··· DATA SHOWN
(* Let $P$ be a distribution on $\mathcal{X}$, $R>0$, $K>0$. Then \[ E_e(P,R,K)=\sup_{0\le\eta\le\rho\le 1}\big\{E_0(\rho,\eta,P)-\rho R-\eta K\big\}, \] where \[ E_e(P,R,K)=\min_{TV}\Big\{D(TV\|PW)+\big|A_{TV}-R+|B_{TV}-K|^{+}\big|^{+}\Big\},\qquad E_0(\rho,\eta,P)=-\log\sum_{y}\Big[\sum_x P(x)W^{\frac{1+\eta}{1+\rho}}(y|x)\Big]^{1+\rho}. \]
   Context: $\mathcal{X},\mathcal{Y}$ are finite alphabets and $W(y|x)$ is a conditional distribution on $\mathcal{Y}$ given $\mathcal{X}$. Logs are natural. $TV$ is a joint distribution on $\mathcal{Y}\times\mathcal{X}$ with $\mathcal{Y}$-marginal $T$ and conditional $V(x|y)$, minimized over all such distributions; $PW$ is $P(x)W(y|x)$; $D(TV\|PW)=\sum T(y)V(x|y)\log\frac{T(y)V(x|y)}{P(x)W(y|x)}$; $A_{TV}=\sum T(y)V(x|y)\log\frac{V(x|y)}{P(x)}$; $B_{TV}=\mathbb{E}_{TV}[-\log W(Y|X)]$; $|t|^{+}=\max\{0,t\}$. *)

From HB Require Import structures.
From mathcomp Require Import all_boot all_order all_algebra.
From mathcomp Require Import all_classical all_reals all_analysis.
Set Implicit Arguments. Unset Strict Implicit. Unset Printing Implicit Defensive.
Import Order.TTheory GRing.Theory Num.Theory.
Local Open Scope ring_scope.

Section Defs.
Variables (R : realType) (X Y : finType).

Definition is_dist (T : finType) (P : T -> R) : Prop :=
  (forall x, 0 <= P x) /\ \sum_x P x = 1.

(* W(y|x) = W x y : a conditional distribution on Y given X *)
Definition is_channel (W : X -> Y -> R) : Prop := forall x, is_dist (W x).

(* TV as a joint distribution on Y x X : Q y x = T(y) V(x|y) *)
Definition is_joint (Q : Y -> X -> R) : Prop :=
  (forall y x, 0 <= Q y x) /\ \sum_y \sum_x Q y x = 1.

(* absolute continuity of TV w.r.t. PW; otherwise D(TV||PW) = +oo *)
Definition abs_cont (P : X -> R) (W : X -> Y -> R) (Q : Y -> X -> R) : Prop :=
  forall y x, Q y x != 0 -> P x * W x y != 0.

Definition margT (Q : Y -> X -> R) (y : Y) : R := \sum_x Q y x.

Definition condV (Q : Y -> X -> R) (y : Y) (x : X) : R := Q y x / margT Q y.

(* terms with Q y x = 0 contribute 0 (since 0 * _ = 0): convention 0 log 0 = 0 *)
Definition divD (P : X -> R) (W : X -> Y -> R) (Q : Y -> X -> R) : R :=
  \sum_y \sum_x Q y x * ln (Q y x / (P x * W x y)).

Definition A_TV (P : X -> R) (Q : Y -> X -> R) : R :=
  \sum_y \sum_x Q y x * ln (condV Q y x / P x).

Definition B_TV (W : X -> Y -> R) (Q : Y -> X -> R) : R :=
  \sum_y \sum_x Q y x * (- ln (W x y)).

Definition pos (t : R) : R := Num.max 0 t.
······
··· DATA SHOWN
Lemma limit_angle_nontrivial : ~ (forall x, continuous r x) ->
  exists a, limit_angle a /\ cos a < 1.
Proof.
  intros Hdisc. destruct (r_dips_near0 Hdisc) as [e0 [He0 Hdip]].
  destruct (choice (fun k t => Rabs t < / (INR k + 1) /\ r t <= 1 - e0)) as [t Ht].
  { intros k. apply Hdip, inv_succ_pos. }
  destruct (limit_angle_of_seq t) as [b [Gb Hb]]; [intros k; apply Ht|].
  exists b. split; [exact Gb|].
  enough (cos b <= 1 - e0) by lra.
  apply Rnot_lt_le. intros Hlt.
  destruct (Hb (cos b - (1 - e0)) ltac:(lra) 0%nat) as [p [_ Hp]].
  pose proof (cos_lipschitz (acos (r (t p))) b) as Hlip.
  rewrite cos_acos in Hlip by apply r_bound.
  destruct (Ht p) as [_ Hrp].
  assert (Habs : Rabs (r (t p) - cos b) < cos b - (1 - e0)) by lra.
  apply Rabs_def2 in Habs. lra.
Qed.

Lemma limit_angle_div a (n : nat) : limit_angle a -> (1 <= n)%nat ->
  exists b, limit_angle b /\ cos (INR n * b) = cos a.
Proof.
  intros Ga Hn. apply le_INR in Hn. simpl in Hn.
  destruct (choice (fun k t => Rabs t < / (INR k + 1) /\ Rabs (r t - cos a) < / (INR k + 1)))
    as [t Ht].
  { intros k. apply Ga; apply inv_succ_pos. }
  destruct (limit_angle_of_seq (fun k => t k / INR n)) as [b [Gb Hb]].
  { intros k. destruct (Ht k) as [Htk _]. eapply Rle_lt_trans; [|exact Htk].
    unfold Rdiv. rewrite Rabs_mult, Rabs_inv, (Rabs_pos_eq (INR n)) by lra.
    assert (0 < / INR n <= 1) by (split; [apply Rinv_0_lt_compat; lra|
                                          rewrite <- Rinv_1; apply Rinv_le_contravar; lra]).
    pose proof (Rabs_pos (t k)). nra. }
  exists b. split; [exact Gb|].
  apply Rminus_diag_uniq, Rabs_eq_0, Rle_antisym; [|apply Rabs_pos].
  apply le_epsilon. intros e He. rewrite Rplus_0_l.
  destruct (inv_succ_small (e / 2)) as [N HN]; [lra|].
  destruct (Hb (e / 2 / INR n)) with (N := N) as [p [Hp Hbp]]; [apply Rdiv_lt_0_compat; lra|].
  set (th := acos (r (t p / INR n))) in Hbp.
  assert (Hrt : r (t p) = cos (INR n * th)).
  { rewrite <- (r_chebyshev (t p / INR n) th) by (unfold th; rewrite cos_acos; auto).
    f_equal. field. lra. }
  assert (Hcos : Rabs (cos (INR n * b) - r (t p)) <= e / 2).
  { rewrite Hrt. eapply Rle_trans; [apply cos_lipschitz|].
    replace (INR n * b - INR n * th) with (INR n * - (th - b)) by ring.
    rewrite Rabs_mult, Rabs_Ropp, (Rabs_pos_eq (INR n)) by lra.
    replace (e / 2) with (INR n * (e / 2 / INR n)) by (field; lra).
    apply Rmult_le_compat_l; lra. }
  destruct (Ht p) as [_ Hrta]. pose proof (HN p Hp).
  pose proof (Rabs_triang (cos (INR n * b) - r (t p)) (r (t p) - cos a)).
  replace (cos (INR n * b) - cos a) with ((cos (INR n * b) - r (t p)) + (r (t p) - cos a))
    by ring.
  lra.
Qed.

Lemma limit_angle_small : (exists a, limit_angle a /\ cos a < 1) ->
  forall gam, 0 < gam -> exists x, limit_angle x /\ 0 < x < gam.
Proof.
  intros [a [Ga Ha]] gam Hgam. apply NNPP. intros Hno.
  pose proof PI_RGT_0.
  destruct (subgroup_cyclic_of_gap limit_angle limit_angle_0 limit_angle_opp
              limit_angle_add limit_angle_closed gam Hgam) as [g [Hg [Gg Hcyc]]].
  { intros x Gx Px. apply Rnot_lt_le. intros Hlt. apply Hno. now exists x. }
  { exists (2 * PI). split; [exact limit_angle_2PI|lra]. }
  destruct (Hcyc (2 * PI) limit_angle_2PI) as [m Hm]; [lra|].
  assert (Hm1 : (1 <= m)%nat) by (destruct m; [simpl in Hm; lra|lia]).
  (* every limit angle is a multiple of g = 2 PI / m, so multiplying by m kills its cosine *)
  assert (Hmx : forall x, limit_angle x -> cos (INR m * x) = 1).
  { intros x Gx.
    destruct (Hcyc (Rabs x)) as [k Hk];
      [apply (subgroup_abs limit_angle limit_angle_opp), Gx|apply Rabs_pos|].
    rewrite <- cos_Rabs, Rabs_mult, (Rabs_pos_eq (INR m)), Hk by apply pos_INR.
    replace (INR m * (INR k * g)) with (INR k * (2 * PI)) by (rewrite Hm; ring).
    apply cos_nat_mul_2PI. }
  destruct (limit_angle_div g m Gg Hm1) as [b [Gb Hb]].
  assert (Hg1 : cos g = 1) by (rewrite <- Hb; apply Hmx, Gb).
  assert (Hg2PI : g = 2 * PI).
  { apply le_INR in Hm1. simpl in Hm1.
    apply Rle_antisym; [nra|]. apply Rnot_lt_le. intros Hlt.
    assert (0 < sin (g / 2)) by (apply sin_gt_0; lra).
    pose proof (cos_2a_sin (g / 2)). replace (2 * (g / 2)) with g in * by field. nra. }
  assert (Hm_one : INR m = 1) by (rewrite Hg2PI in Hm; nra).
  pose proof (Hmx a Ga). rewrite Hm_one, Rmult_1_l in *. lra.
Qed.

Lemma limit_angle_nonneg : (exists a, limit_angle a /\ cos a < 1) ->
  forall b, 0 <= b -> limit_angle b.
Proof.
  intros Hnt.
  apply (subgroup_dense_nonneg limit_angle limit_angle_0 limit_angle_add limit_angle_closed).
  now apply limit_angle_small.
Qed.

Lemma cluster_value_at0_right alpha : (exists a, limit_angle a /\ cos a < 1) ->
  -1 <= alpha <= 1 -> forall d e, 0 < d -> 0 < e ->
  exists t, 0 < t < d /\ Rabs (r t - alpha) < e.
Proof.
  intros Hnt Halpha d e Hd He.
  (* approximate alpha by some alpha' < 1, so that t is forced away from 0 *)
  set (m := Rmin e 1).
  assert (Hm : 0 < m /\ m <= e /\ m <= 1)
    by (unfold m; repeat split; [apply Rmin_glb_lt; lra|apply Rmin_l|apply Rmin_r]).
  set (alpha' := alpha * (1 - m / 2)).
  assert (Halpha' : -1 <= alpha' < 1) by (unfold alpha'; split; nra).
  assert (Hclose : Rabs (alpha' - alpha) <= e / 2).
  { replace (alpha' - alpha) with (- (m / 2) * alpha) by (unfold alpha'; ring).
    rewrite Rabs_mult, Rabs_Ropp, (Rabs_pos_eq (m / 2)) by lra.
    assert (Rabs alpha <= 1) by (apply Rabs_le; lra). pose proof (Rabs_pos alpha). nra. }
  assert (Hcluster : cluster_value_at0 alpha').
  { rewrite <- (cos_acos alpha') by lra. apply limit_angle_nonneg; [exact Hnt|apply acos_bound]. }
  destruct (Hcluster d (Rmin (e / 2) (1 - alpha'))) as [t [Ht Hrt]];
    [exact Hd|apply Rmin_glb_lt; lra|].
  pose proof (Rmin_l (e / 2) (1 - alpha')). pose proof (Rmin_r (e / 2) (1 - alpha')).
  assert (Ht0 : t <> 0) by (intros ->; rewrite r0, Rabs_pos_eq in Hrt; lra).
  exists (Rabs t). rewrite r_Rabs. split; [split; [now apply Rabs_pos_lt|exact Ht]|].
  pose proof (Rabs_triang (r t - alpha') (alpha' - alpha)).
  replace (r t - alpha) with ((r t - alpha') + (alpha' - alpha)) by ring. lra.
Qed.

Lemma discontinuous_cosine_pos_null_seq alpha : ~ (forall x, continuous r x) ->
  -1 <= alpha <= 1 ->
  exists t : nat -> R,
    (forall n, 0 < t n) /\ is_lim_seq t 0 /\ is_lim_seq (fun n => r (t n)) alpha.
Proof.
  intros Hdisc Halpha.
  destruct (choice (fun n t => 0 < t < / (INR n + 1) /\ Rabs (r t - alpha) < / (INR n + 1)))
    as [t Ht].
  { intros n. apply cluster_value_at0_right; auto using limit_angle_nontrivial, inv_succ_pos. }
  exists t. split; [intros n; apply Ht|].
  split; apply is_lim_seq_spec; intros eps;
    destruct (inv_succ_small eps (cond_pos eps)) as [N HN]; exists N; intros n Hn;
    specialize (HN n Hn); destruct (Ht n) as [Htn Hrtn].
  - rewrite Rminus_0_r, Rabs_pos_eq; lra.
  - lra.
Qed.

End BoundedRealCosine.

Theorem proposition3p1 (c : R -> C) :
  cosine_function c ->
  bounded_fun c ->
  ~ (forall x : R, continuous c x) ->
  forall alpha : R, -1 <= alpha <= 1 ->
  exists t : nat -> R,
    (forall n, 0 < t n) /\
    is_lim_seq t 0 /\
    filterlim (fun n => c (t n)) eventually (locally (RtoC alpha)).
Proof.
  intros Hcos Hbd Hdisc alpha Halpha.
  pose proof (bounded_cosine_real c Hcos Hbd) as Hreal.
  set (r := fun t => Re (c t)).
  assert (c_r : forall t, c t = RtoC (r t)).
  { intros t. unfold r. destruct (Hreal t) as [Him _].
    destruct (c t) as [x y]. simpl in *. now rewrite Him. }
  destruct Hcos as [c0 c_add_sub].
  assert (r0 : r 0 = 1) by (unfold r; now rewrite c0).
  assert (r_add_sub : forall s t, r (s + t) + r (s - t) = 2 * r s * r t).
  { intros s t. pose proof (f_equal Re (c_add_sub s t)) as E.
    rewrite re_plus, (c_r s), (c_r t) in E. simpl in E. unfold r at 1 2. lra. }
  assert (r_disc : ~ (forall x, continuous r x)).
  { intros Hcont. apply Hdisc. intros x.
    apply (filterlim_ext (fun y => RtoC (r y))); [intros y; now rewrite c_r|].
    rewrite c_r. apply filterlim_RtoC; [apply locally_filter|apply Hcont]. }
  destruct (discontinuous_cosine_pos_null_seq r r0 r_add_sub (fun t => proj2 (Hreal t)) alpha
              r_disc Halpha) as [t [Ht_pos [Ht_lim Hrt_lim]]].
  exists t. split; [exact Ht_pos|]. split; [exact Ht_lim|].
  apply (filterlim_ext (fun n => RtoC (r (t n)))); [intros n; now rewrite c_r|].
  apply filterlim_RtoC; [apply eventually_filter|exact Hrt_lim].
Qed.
······
» **YOUR INSTRUCTIONS**
Filter the entries and copy each line with "Hcont".

» **TASK RESULT**
  { intros Hcont. apply Hdisc. intros x.
    rewrite c_r. apply filterlim_RtoC; [apply locally_filter|apply Hcont]. }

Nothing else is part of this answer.